Elizabeth wasn’t told what was in the cream, but it seemed to be a mild analgesic. Patients at herbal clinics are rarely allowed to know what medicines they are taking, since most of them could be acquired much more cheaply at a local market.

There were good days and bad days. Sometimes her leg seemed normal and wasn’t painful or sore at all; other times, when it was swollen, she was forced to walk tenderly on it.
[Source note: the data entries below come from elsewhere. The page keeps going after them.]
(* Let $M$ be a real $n\times n$ matrix, $n\ge2$. If both $M$ and $M^{[2]}$ are $P_0$-matrices, then $M$ is positive semistable. If both $M$ and $M^{[2]}$ are $P$-matrices, then $M$ is positive stable.
   Context: A square real matrix is a $P$-matrix (resp. $P_0$-matrix) if all its principal minors are positive (resp. nonnegative). It is positive stable (resp. positive semistable) if all its eigenvalues have positive (resp. nonnegative) real part. For $M\in\mathbb{R}^{n\times n}$, $M^{[2]}$ is the second additive compound: the matrix of $u\wedge v\mapsto Mu\wedge v+u\wedge Mv$ on $\Lambda^2\mathbb{R}^n$ with respect to the lexicographically ordered basis $e_i\wedge e_j$ ($i<j$). *)

(* Real matrices are taken over an arbitrary real closed
   field R (the reals being the prime example); eigenvalues live in R[i]. *)
From HB Require Import structures.
From mathcomp Require Import all_boot all_order all_algebra.
From mathcomp Require Import complex.
Set Implicit Arguments. Unset Strict Implicit. Unset Printing Implicit Defensive.
Import Order.TTheory GRing.Theory Num.Theory.
Local Open Scope ring_scope.

Section Defs.
Variable R : rcfType.

Definition principal_submx (n : nat) (M : 'M[R]_n) (S : {set 'I_n}) : 'M[R]_#|S| :=
  \matrix_(i < #|S|, j < #|S|) M (enum_val i) (enum_val j).

Definition principal_minor (n : nat) (M : 'M[R]_n) (S : {set 'I_n}) : R :=
  \det (principal_submx M S).

Definition P_matrix (n : nat) (M : 'M[R]_n) : Prop :=
  forall S : {set 'I_n}, S != set0 -> 0 < principal_minor M S.
Definition P0_matrix (n : nat) (M : 'M[R]_n) : Prop :=
  forall S : {set 'I_n}, S != set0 -> 0 <= principal_minor M S.

Definition cmx (n : nat) (M : 'M[R]_n) : 'M[R[i]]_n := map_mx (fun x => x%:C%C) M.
Definition positive_stable (n : nat) (M : 'M[R]_n) : Prop :=
  forall l : R[i], eigenvalue (cmx M) l -> 0 < complex.Re l.
Definition positive_semistable (n : nat) (M : 'M[R]_n) : Prop :=
  forall l : R[i], eigenvalue (cmx M) l -> 0 <= complex.Re l.

(* Second additive compound.  Index set: pairs (i,j) with i<j; the product
   finType enumerates pairs lexicographically, so enum_val gives the
   lexicographically ordered basis e_i /\ e_j (i<j). *)
Definition wedge_idx (n : nat) : {set 'I_n * 'I_n} :=
  [set p : 'I_n * 'I_n | (p.1 < p.2)%N].

(* coordinate of u /\ v on e_i /\ e_j (i<j) *)
Definition wedge_coord (n : nat) (u v : 'cV[R]_n) (i j : 'I_n) : R :=
  u i 0 * v j 0 - u j 0 * v i 0.

Definition basis_vec (n : nat) (k : 'I_n) : 'cV[R]_n := delta_mx k 0.

(* column (k,l) = coordinates of  M e_k /\ e_l + e_k /\ M e_l *)
Definition add_compound2 (n : nat) (M : 'M[R]_n) : 'M[R]_#|wedge_idx n| :=
  \matrix_(r < #|wedge_idx n|, c < #|wedge_idx n|)
    let: (i, j) := enum_val r in
    let: (k, l) := enum_val c in
    wedge_coord (M *m basis_vec k) (basis_vec l) i j
    + wedge_coord (basis_vec k) (M *m basis_vec l) i j.

End Defs.

From mathcomp Require Import all_boot all_order all_algebra all_fingroup.
From mathcomp Require Import complex ring.
Import Order.TTheory GRing.Theory Num.Theory.
Local Open Scope ring_scope.
Set Implicit Arguments. Unset Strict Implicit. Unset Printing Implicit Defensive.

(* Expanding det (A + D) for a diagonal D >= 0 by multilinearity along the
   diagonal writes it as a sum of principal minors of A with nonnegative
   weights, the empty minor having weight prod_i D_ii.  So A + t I has positive
   determinant when A is a P0-matrix and t > 0, or A is a P-matrix and t >= 0,
   and the real eigenvalues of A are >= 0, resp. > 0.  A nonreal eigenvalue l
   of M with left eigenvector u makes u /\ conj u a left eigenvector of M^[2]
   for the real eigenvalue l + conj l = 2 Re l, so the same applies to it. *)

Section Determinants.
Variable R : comPzRingType.

Lemma det_mxsub_bij m n (f : 'I_m -> 'I_n) (A : 'M[R]_n) :
  bijective f -> \det (mxsub f f A) = \det A.
Proof.
move=> f_bij; have e : m = n by rewrite -[m]card_ord -[n]card_ord (bij_eq_card f_bij).
case: n / e in f A f_bij *.
have -> : mxsub f f A = row_perm (perm (bij_inj f_bij)) (col_perm (perm (bij_inj f_bij)) A).
  by apply/matrixP => i j; rewrite !mxE !permE.
rewrite row_permE col_permE !det_mulmx !det_perm odd_permV.
by rewrite mulrCA -signr_addb addbb expr0 mulr1.
Qed.

Lemma det_delta_row n (A : 'M[R]_n) k :
  (forall j, A k j = (k == j)%:R) -> \det A = \det (row' k (col' k A)).
Proof.
move=> Ak; rewrite (expand_det_row A k) (bigD1 k) //= big1 => [|j /negbTE kj].
  by rewrite Ak eqxx mul1r addr0 /cofactor addnn -signr_odd odd_double mul1r.
by rewrite Ak eq_sym kj mul0r.
Qed.

End Determinants.

Lemma eigenvalue_det_sub (F : fieldType) n (A : 'M[F]_n) a :
  eigenvalue A a -> \det (A - a%:M) = 0.
Proof.
case/eigenvalueP => v Av v_neq0; apply/eqP/det0P; exists v => //.
by rewrite mulmxBr Av mul_mx_scalar subrr.
Qed.

Section PrincipalPad.
Variables (R : comPzRingType) (n : nat).
Implicit Types (A B : 'M[R]_n) (S T : {set 'I_n}).

Definition principal_pad S A : 'M[R]_n :=
  \matrix_(i, j) if (i \in S) && (j \in S) then A i j else (i == j)%:R.

Lemma principal_pad_set0 A : principal_pad set0 A = 1%:M.
Proof. by apply/matrixP => i j; rewrite !mxE !inE. Qed.

Lemma principal_pad_setT A : principal_pad setT A = A.
Proof. by apply/matrixP => i j; rewrite !mxE !inE. Qed.

Lemma principal_pad_add_delta_notin T B k c : k \notin T ->
  principal_pad T (B + c *: delta_mx k k) = principal_pad T B.
Proof.
move=> kT; apply/matrixP => i j; rewrite !mxE.
case: (boolP (i \in T)) => //= iT.
by rewrite (_ : i == k = false) ?mulr0 ?addr0 //; apply: contraNF kT => /eqP <-.
Qed.

Lemma det_principal_pad_add_delta T B k c : k \in T ->
  \det (principal_pad T (B + c *: delta_mx k k)) =
  \det (principal_pad T B) + c * \det (principal_pad (T :\ k) B).
Proof.
move=> kT; set C := \matrix_(i, j) if i == k then (k == j)%:R else principal_pad T B i j.
have neq_lift_k i : (lift k i == k) = false by apply/negbTE; rewrite eq_sym neq_lift.
have -> : \det (principal_pad (T :\ k) B) = \det C.
  rewrite (det_delta_row (k := k)) => [|j]; last by rewrite !mxE in_setD1 eqxx.
  rewrite [\det C](det_delta_row (k := k)) => [|j]; last by rewrite !mxE eqxx.
  by congr (\det _); apply/matrixP => i j; rewrite !mxE !in_setD1 !neq_lift_k.
rewrite -[\det (principal_pad T B)]mul1r; apply: (determinant_multilinear (i0 := k)).
- apply/rowP => j; rewrite !mxE kT eqxx /= mul1r [k == j]eq_sym.
  by case: eqVneq => [->|_]; rewrite ?kT ?mulr0 ?addr0 ?mulr1 //; case: (j \in T).
- by apply/matrixP => i j; rewrite !mxE neq_lift_k mulr0 addr0.
- by apply/matrixP => i j; rewrite !mxE neq_lift_k mulr0 addr0.
Qed.

Lemma det_principal_pad_set0 A : \det (principal_pad set0 A) = 1.
Proof. by rewrite principal_pad_set0 det1. Qed.

End PrincipalPad.

Section PrincipalPadPositivity.
Variables (R : numDomainType) (n : nat) (A : 'M[R]_n) (d : 'rV[R]_n).
Local Notation partial_diag r := (\sum_(k <- r) d 0 k *: delta_mx k k).

Lemma partial_diag_enum : partial_diag (enum 'I_n) = diag_mx d.
Proof. by rewrite big_enum diag_mx_sum_delta. Qed.

Lemma det_principal_pad_add_diag_ge0 :
  (forall S, 0 <= \det (principal_pad S A)) -> (forall i, 0 <= d 0 i) ->
  forall (r : seq 'I_n) (T : {set 'I_n}), 0 <= \det (principal_pad T (A + partial_diag r)).
Proof.
move=> A_ge0 d_ge0; elim=> [|k r IH] T; first by rewrite big_nil addr0.
rewrite big_cons addrCA addrC; case: (boolP (k \in T)) => kT.
  by rewrite det_principal_pad_add_delta // addr_ge0 ?mulr_ge0.
by rewrite principal_pad_add_delta_notin.
Qed.

Lemma det_principal_pad_add_diag_gt0 :
  (forall S, 0 < \det (principal_pad S A)) -> (forall i, 0 <= d 0 i) ->
  forall (r : seq 'I_n) (T : {set 'I_n}), 0 < \det (principal_pad T (A + partial_diag r)).
Proof.
move=> A_gt0 d_ge0; have A_ge0 S := ltW (A_gt0 S).
elim=> [|k r IH] T; first by rewrite big_nil addr0.
rewrite big_cons addrCA addrC; case: (boolP (k \in T)) => kT.
  by rewrite det_principal_pad_add_delta // ltr_wpDr ?mulr_ge0 ?det_principal_pad_add_diag_ge0.
by rewrite principal_pad_add_delta_notin.
Qed.

Lemma det_principal_pad_add_posdiag_gt0 :
  (forall S, 0 <= \det (principal_pad S A)) -> (forall i, 0 < d 0 i) ->
  forall (r : seq 'I_n) (T : {set 'I_n}), {subset T <= r} ->
  0 < \det (principal_pad T (A + partial_diag r)).
Proof.
move=> A_ge0 d_gt0; have d_ge0 i := ltW (d_gt0 i).
elim=> [|k r IH] T Tr.
  have -> : T = set0 by apply/setP => i; rewrite inE; apply/idP => /Tr.
  by rewrite det_principal_pad_set0 ltr01.
rewrite big_cons addrCA addrC; case: (boolP (k \in T)) => kT.
  rewrite det_principal_pad_add_delta // ltr_wpDl ?det_principal_pad_add_diag_ge0 //.
  by rewrite mulr_gt0 // IH // => i; rewrite in_setD1 => /andP[ik /Tr]; rewrite inE (negbTE ik).
rewrite principal_pad_add_delta_notin // IH // => i iT.
by have := Tr i iT; rewrite inE; case: eqVneq iT kT => [-> ->|].
Qed.
(* Every quotient of a finite weakly-top group is weakly-top. Every quotient of a finite top group is top.
   Context: For a group $H$, $H'$ denotes its commutator subgroup. A finite group $G$ is weakly-top if $|H/H'| \leq |G/G'|$ for every proper subgroup $H<G$, and top if $|H/H'| < |G/G'|$ for every proper subgroup $H<G$. *)

From mathcomp Require Import all_boot all_fingroup all_solvable.
Set Implicit Arguments. Unset Strict Implicit. Unset Printing Implicit Defensive.
Local Open Scope group_scope.

Definition weakly_top (gT : finGroupType) (G : {set gT}) : Prop :=
  forall H : {group gT}, H \proper G -> #|H / H^`(1)| <= #|G / G^`(1)|.

Definition top (gT : finGroupType) (G : {set gT}) : Prop :=
  forall H : {group gT}, H \proper G -> #|H / H^`(1)| < #|G / G^`(1)|.

(* For N <| H, since (H / N)' = H'N / N, the abelianization of H splits as
   |H : H'| = |N : N :&: H'| * |H / N : (H / N)'|.  Every proper subgroup of G / N
   is H / N for a proper subgroup H of G containing N, and H' <= G' makes the
   first factor for H at least the one for G, so the (strict) inequality between
   the abelianizations of H and G descends to H / N and G / N. *)
From mathcomp Require Import all_boot all_fingroup all_solvable.
Set Implicit Arguments.
Unset Strict Implicit.
Unset Printing Implicit Defensive.
Local Open Scope group_scope.

Lemma leq_of_mul_leq_factor (a b m n : nat) :
  0 < b -> b <= a -> a * m <= b * n -> m <= n.
Proof.
move=> b_gt0 le_ba le_am_bn; rewrite -(leq_pmul2l (leq_trans b_gt0 le_ba)).
exact: leq_trans le_am_bn (leq_mul le_ba (leqnn n)).
Qed.

Lemma ltn_of_mul_leq_factor (a b m n : nat) :
  0 < b -> b <= a -> a * m < b * n -> m < n.
Proof.
move=> b_gt0 le_ba lt_am_bn; rewrite -(ltn_pmul2l (leq_trans b_gt0 le_ba)).
exact: leq_trans lt_am_bn (leq_mul le_ba (leqnn n)).
Qed.

Lemma card_abelianization_quotient (gT : finGroupType) (N H : {group gT}) :
  N <| H -> #|H / H^`(1)| = (#|N : H^`(1)| * #|(H / N) / (H / N)^`(1)|)%N.
Proof.
case/andP=> sNH nNH.
rewrite !card_quotient ?der_norm //= -quotient_der //.
by rewrite -(index_quotient_ker (der_sub 1 H) nNH) (setIidPr sNH) mulnC.
Qed.

Lemma proper_quotient_preimage (gT : finGroupType) (N G : {group gT})
    (K : {group coset_of N}) :
  N <| G -> K \proper G / N ->
  exists2 H : {group gT}, H \proper G & N <| H /\ K :=: H / N.
Proof.
move=> nsNG ltKG; case/inv_quotientS: (proper_sub ltKG) => // H defK sNH sHG.
have nsNH : N <| H := normalS sNH sHG nsNG.
by exists H; rewrite // -(quotient_proper nsNH nsNG) -defK.
Qed.

Theorem lemma2p2 (gT : finGroupType) (G N : {group gT}) :
  N <| G ->
  (weakly_top G -> weakly_top (G / N)) /\ (top G -> top (G / N)).
Proof.
move=> nsNG.
have descend (K : {group coset_of N}) : K \proper G / N ->
    exists2 H : {group gT}, H \proper G &
      #|N : G^`(1)| <= #|N : H^`(1)| /\
      #|H / H^`(1)| = (#|N : H^`(1)| * #|K / K^`(1)|)%N.
  case/(proper_quotient_preimage nsNG) => H ltHG [nsNH ->].
  exists H => //; split; last exact: card_abelianization_quotient.
  exact: dvdn_leq (indexg_gt0 _ _) (indexgS _ (dergS 1 (proper_sub ltHG))).
have indexN_gt0 : 0 < #|N : G^`(1)| := indexg_gt0 N G^`(1).
split=> topG K /descend[H /topG + [le_index defH]];
  rewrite defH (card_abelianization_quotient nsNG).
- exact: leq_of_mul_leq_factor indexN_gt0 le_index.
- exact: ltn_of_mul_leq_factor indexN_gt0 le_index.
Qed.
She unwrapped it and rewrapped it tighter. On these days she sometimes described pain coming “from inside,” pointing just above her ankle. Through the ordeal she was convinced that the treatment was helping, though, and that she was getting better. She wanted to sign on for another month of the regimen, but didn’t have the money for it.

Last Monday her leg looked worse than ever, and I asked her to tell me again about her initial visit to the hospital. Now she said she had been x-rayed and that the doctor had first recommended a cast. Only when she refused did he refer her to the herbal clinic. I asked, “Why didn’t you want to have a cast?”

“Oh, Brother Jake, if I get POP [a plaster of Paris cast] then my leg would be too big. I could not put a slipper on this one foot. And I could not go to church wearing only one slipper.”